[Recorded data]
——————

(* Let $G_1$ and $G_2$ be connected graphs, where $G_1$ has at least two vertices. Then $$\chi_d^t(G_1\star G_2)\leq |V(G_1)|+|V(G_2)|.$$
   Context: All graphs are simple and finite. A total dominator coloring (TD-coloring) of a graph $G$ with no isolated vertex is a proper vertex coloring of $G$ in which every vertex of $G$ is adjacent to every vertex of some color class (a color class being the set of all vertices receiving a given color). The total dominator chromatic number (TDC-number) $\chi_d^t(G)$ is the minimum number of colors in a TD-coloring of $G$. The neighbourhood corona $G_1\star G_2$ of graphs $G_1$ and $G_2$ is the graph obtained by taking one copy of $G_1$ and $|V(G_1)|$ copies of $G_2$, and, for each $i$, joining every neighbour (in $G_1$) of the $i$-th vertex of $G_1$ to every vertex of the $i$-th copy of $G_2$. *)

From mathcomp Require Import all_boot.
Set Implicit Arguments. Unset Strict Implicit. Unset Printing Implicit Defensive.

Definition simple_graph (T : finType) (e : rel T) : Prop :=
  symmetric e /\ irreflexive e.

Definition connected_graph (T : finType) (e : rel T) : Prop :=
  0 < #|T| /\ forall x y : T, connect e x y.

Definition no_isolated (T : finType) (e : rel T) : bool :=
  [forall v, exists w, e v w].

Definition proper_coloring (T : finType) (e : rel T) (k : nat)
  (c : T -> 'I_k) : bool :=
  [forall x, forall y, e x y ==> (c x != c y)].

Definition td_coloring (T : finType) (e : rel T) (k : nat)
  (c : T -> 'I_k) : bool :=
  proper_coloring e c &&
  [forall v, exists j : 'I_k,
     [exists w, c w == j] && [forall w, (c w == j) ==> e v w]].

Definition td_colorable (T : finType) (e : rel T) (k : nat) : bool :=
  [exists c : {ffun T -> 'I_k}, td_coloring e c].

(* When G has no
   isolated vertex, #|T| colours always suffice, so this is the minimum. *)
Definition tdc_number (T : finType) (e : rel T) : nat :=
  find (td_colorable e) (iota 0 #|T|.+1).

(* Neighbourhood corona G1 * G2: vertices are the vertices of G1 (inl) and
   pairs (i, a) = vertex a of the i-th copy of G2 (inr). *)
Definition ncorona_rel (T1 T2 : finType) (e1 : rel T1) (e2 : rel T2)
  : rel (T1 + (T1 * T2)) :=
  fun x y =>
    match x, y with
    | inl u, inl v => e1 u v
    | inr (i, a), inr (j, b) => (i == j) && e2 a b
    | inl u, inr (i, _) => e1 u i
    | inr (i, _), inl u => e1 i u
    end.

(* Colour the copy of G1 injectively with |V(G1)| colours and every copy of
   G2 with the same |V(G2)| further colours, vertex a of each copy receiving
   colour a.  This is proper: copies are independent of each other, and an
   edge inside a copy comes from an edge of G2.  Every colour of a vertex of
   G1 is a singleton class, and every vertex of the corona has a neighbour in
   G1 (the copy of G2 at i is joined to the neighbours of i, and i has one
   since G1 is connected with two vertices), so each vertex totally dominates
   such a class. *)

From mathcomp Require Import all_boot.

Set Implicit Arguments.
Unset Strict Implicit.
Unset Printing Implicit Defensive.

Lemma connected_neighbor (T : finType) (e : rel T) :
  connected_graph e -> 1 < #|T| -> forall u, exists v, e u v.
Proof.
move=> [_ connect_e] /card_gt1P [x [y [_ _ neq_xy]]] u.
have [w neq_wu] : exists w, w != u.
  by case: (eqVneq x u) => [<-|]; [exists y; rewrite eq_sym | exists x].
have /connectP [[|v p] /= path_uvp last_w] := connect_e u w.
  by rewrite last_w eqxx in neq_wu.
by exists v; case/andP: path_uvp.
Qed.

Lemma tdc_number_le (T : finType) (e : rel T) (k : nat) :
  k <= #|T| -> td_colorable e k -> tdc_number e <= k.
Proof.
move=> le_kT col_k; rewrite /tdc_number -ltnS; apply: find_ltn.
rewrite take_iota (minn_idPl _) ?ltnS //; apply/hasP.
by exists k; rewrite // mem_iota add0n ltnS leqnn.
Qed.

Lemma td_coloring_singleton_class (T : finType) (e : rel T) (k : nat)
    (c : T -> 'I_k) :
  proper_coloring e c ->
  (forall v, exists2 w, e v w & forall x, c x = c w -> x = w) ->
  td_coloring e c.
Proof.
move=> proper_c dom_c; rewrite /td_coloring proper_c /=.
apply/forallP => v; have [w e_vw class_w] := dom_c v.
apply/existsP; exists (c w); apply/andP; split.
  by apply/existsP; exists w.
by apply/forallP => x; apply/implyP => /eqP/class_w ->.
Qed.

Section NeighbourhoodCorona.

Variables (T1 T2 : finType) (e1 : rel T1) (e2 : rel T2).

Definition ncorona_coloring (x : T1 + T1 * T2) : 'I_(#|T1| + #|T2|) :=
  match x with
  | inl u => lshift #|T2| (enum_rank u)
  | inr (_, a) => rshift #|T1| (enum_rank a)
  end.

Lemma ncorona_coloring_proper :
  irreflexive e1 -> irreflexive e2 ->
  proper_coloring (ncorona_rel e1 e2) ncorona_coloring.
Proof.
move=> irr1 irr2; apply/forallP => x; apply/forallP => y; apply/implyP.
case: x => [u|[i a]]; case: y => [v|[j b]] //= e_xy; rewrite eq_shift //.
- by apply: contraTneq e_xy => /enum_rank_inj ->; rewrite irr1.
- by apply: contraTneq e_xy => /enum_rank_inj ->; rewrite irr2 andbF.
Qed.

Lemma ncorona_coloring_base_class (v : T1) x :
  ncorona_coloring x = ncorona_coloring (inl v) -> x = inl v.
Proof.
case: x => [u|[i a]] /= /eqP; rewrite eq_shift // => /eqP.
by move/enum_rank_inj->.
Qed.

Lemma ncorona_base_neighbor :
  (forall u, exists v, e1 u v) ->
  forall x, exists v, ncorona_rel e1 e2 x (inl v).
Proof. by move=> nbr1 [u|[i a]] /=; apply: nbr1. Qed.

Lemma ncorona_td_colorable :
  irreflexive e1 -> irreflexive e2 -> (forall u, exists v, e1 u v) ->
  td_colorable (ncorona_rel e1 e2) (#|T1| + #|T2|).
Proof.
move=> irr1 irr2 nbr1; apply/existsP; exists (finfun ncorona_coloring).
apply: td_coloring_singleton_class => [|x].
  have /forallP proper_c := ncorona_coloring_proper irr1 irr2.
  apply/forallP => x; apply/forallP => y; rewrite !ffunE.
  exact: forallP (proper_c x) y.
have [v e_xv] := ncorona_base_neighbor nbr1 x.
by exists (inl v) => // y; rewrite !ffunE; apply: ncorona_coloring_base_class.
Qed.

Lemma leq_card_ncorona : 0 < #|T1| -> 0 < #|T2| ->
  #|T1| + #|T2| <= #|{: T1 + T1 * T2}|.
Proof.
move=> T1_gt0 T2_gt0; rewrite card_sum card_prod leq_add2l.
by rewrite -{1}[#|T2|]mul1n leq_mul2r T1_gt0 orbT.
Qed.

End NeighbourhoodCorona.

Theorem theorem1 (T1 T2 : finType) (e1 : rel T1) (e2 : rel T2) :
  simple_graph e1 -> simple_graph e2 ->
  connected_graph e1 -> connected_graph e2 ->
  1 < #|T1| ->
  tdc_number (ncorona_rel e1 e2) <= #|T1| + #|T2|.
Proof.
move=> [_ irr1] [_ irr2] conn1 [T2_gt0 _] T1_gt1.
apply: tdc_number_le.
  by apply: leq_card_ncorona => //; apply: ltnW.
exact: ncorona_td_colorable irr1 irr2 (connected_neighbor conn1 T1_gt1).
Qed.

——————

### Exercise directions:
In the data above, copy every line where the string "Lemma" appears.

### Solved problem:
Lemma connected_neighbor (T : finType) (e : rel T) :
Lemma tdc_number_le (T : finType) (e : rel T) (k : nat) :
Lemma td_coloring_singleton_class (T : finType) (e : rel T) (k : nat)
Lemma ncorona_coloring_proper :
Lemma ncorona_coloring_base_class (v : T1) x :
Lemma ncorona_base_neighbor :
Lemma ncorona_td_colorable :
Lemma leq_card_ncorona : 0 < #|T1| -> 0 < #|T2| ->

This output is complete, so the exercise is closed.